4,systems and methods for using machine learning...,"[('predict', 'risk'), ('access', 'a', 'set', '..."


### Preprocessing

In [None]:
# check missing value

print(data.isna().sum())

data               0
expected_result    0
dtype: int64


In [None]:
# # remove missing value (tidak perlu karena kolom title and abstract tidak memiliki missing value)

# data.dropna(inplace=True)
# data.head()

In [None]:
# lowering text
data['data']= data['data'].apply(lambda x: x.lower())

# Print the updated DataFrame
data['data'].head()

0    the present invention relates to a method for ...
1    the present disclosure is directed to methods,...
2    an anti-theft method for an oil tank truck bas...
3    the invention provides an artificial intellige...
4    systems and methods for using machine learning...
Name: data, dtype: object

In [None]:
# Function to tokenize each sentence, tokenize each word from sentence, then remove punctuation and stopword
def tokenize_and_remove_punctuation(text):
    # Define stopword
    stop_words = set(stopwords.words('english'))

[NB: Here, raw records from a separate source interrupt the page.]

Lemma integral_basis_exists :
  exists2 P, integral_Qbasis P & forall a, integral a -> forall j, mxcoord P a 0 j \is a Num.int.
Proof.
have [P0 P0_int] := integral_Qbasis_exists.
pose abs_disc P := `|Num.floor (\det (trQ_gram P))|%N.
suff : forall N P, integral_Qbasis P -> (abs_disc P < N)%N ->
    exists2 P, integral_Qbasis P & forall a, integral a -> forall j, mxcoord P a 0 j \is a Num.int.
  by move/(_ (abs_disc P0).+1 P0 P0_int (ltnSn _)).
elim=> [|N IH] P P_int lt_P_N //.
case: (classic (forall a, integral a -> forall j, mxcoord P a 0 j \is a Num.int)) => [P_coord|].
  by exists P.
move=> /not_all_ex_not[a a_bad].
have [a_int /not_all_ex_not[j /negP c_j]] := imply_to_and _ _ a_bad.
have [P' P'_int lt_P'_P] := integral_Qbasis_refine P_int a_int c_j.
apply: (IH P' P'_int); rewrite -ltnS (leq_trans _ lt_P_N) // ltnS /abs_disc.
suff : `|Num.floor (\det (trQ_gram P'))| < `|Num.floor (\det (trQ_gram P))| :> int by lia.
by rewrite -(ltr_int rat) !intr_norm !floorK ?det_trQ_gram_int.
Qed.

Lemma trQ_dual (P : 'M[rat]_n) (u : 'rV[rat]_n) :
  P \in unitmx -> exists d : K, forall j, trQ (d * mxbasis P j) = u 0 j.
Proof.
move=> P_unit; pose v := u *m invmx (trQ_gram P).
exists (\sum_i v 0 i *: mxbasis P i) => j; rewrite mulr_suml trQ_sum.
rewrite -[u in RHS](mulmxKV (trQ_gram_unit P_unit)) -/v mxE.
by apply: eq_bigr => i _; rewrite -scalerAl trQZ [trQ_gram P i j]mxE.
Qed.
End Embeddings.

(** * Integer hyperplanes of lattices *)

Lemma int_Smith_solution (F : fieldType) m n (M : 'M[int]_(m, n)) (w : 'cV[F]_n) :
  (forall (z : 'rV[int]_n) (N : int) (y : 'rV[int]_m), N != 0 -> N *: z = y *m M ->
      exists t : int, (map_mx intr z *m w) 0 0 = t%:~R) ->
  exists u : 'cV[int]_n, map_mx intr M *m map_mx intr u = map_mx intr M *m w.
Proof.
move=> w_int; have [L L_unit [U U_unit [d _ DM]]] := int_Smith_normal_form M.
set D := \matrix_(i, j) _ in DM.
pose nz_diag (k : 'I_n) := (k < m)%N && (d`_k != 0).
(* For a nonzero invariant factor, [d_k] times row [k] of [U] lies in the row space of [M]. *)
have t_ex k : exists t : int, nz_diag k -> (map_mx intr (row k U) *m w) 0 0 = t%:~R.
  have [/andP[k_m dk] | _] := boolP (nz_diag k); last by exists 0.
  have rowU : d`_k *: row k U = row (Ordinal k_m) (invmx L) *m M.
    rewrite DM -row_mul !mulmxA mulVmx // mul1mx row_mul.
    apply/rowP => j; rewrite !mxE (bigD1 k) //= big1 ?addr0 => [|l lk].
      by rewrite !mxE eqxx.
    by rewrite !mxE /= -[(k : nat) == l]/(k == l) eq_sym (negbTE lk) mulr0n mul0r.
  by have [t wt] := w_int _ _ _ dk rowU; exists t.
have [t wt] := fin_all_exists t_ex.
exists (invmx U *m \col_k (if nz_diag k then t k else 0)).
rewrite DM !map_mxM -!mulmxA; congr (_ *m _).
rewrite [X in _ *m X = _]mulmxA -map_mxM mulmxV // map_mx1 mul1mx.
apply/colP => i; rewrite !mxE; apply: eq_bigr => k _; rewrite !mxE.
have [ik | ik] := eqVneq (i : nat) k; last by rewrite mulr0n !mul0r.
have [->| di] := eqVneq d`_i 0; first by rewrite mulr1n !mul0r.
have nz_k : nz_diag k by rewrite /nz_diag -ik ltn_ord di.
rewrite nz_k; congr (_ * _); rewrite -[LHS]/((t k)%:~R) -(wt k nz_k) !mxE.
by apply: eq_bigr => j _; rewrite !mxE.
Qed.

Section AffineGeometry.
Variables (R : realType) (n : nat).
Local Notation pt := 'rV[R]_n.

Lemma affine_functional (A : pt -> Prop) :
  affine_subspace A -> ~ A 0 -> exists c : 'cV[R]_n, forall x, A x -> (x *m c) 0 0 = 1.
Proof.
move=> [p [V AV]] nA0; set C := cokermx V.
have [j pCj] : exists j, (p *m C) 0 j != 0.
  apply/existsP; apply: contra_notT nA0 => /existsPn pC0; apply/AV.
  rewrite sub0r eqmx_opp submxE; apply/eqP/rowP => j.
  by rewrite [RHS]mxE; apply/eqP/negbNE; exact: pC0.
exists (((p *m C) 0 j)^-1 *: col j C) => x /AV.
rewrite submxE mulmxBl subr_eq0 => /eqP xC; rewrite -scalemxAr mxE.
have -> : (x *m col j C) 0 0 = (x *m C) 0 j by rewrite !mxE; under eq_bigr do rewrite mxE.
by rewrite xC mulVf.
Qed.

    # Tokenize each sentence
    sentences = re.split(r'(?<=[.!?;])\s+', text)

    # Tokenize each word in each sentence, remove punctuation, and remove stopword
    tokenized_sentences = []
    for sentence in sentences:
        tokens = word_tokenize(sentence)
        # Remove punctuation
        tokens = [token for token in tokens if token not in string.punctuation]
        # Remove stopword
        tokens = [token for token in tokens if token not in stop_words]
        tokenized_sentences.append(tokens)
    return tokenized_sentences

# Tokenize each sentence and remove punctuation & stopword
data['tokenized'] = data['data'].apply(tokenize_and_remove_punctuation)

# Print the updated DataFrame
data.head()

Unnamed: 0,data,expected_result,tokenized
0,the present invention relates to a method for ...,"[('automatically', 'generate', 'vocabulary', '...","[[present, invention, relates, method, automat..."
1,"the present disclosure is directed to methods,...","[('provide', 'different', 'way', 'to', 'prepar...","[[present, disclosure, directed, methods, comp..."
2,an anti-theft method for an oil tank truck bas...,"[('acquire', 'scene', 'picture'), ('predict', ...","[[anti-theft, method, oil, tank, truck, based,..."
3,the invention provides an artificial intellige...,"[('categorize', 'event'), ('categorize', 'even...","[[invention, provides, artificial, intelligenc..."
4,systems and methods for using machine learning...,"[('predict', 'risk'), ('access', 'a', 'set', '...","[[systems, methods, using, machine, learning, ..."


In [None]:
# # Function to perform POS tagging on each token using NLTK
# def pos_tag_tokens(tokenized_sentences):
#     pos_tagged_sentences = []
#     for sentence_tokens in tokenized_sentences:
#         pos_tags = pos_tag(sentence_tokens)
#         pos_tagged_sentences.append(pos_tags)
#     return pos_tagged_sentences

# # Perform POS tagging on tokenized sentences
# data['pos_tagged'] = data['tokenized'].apply(pos_tag_tokens)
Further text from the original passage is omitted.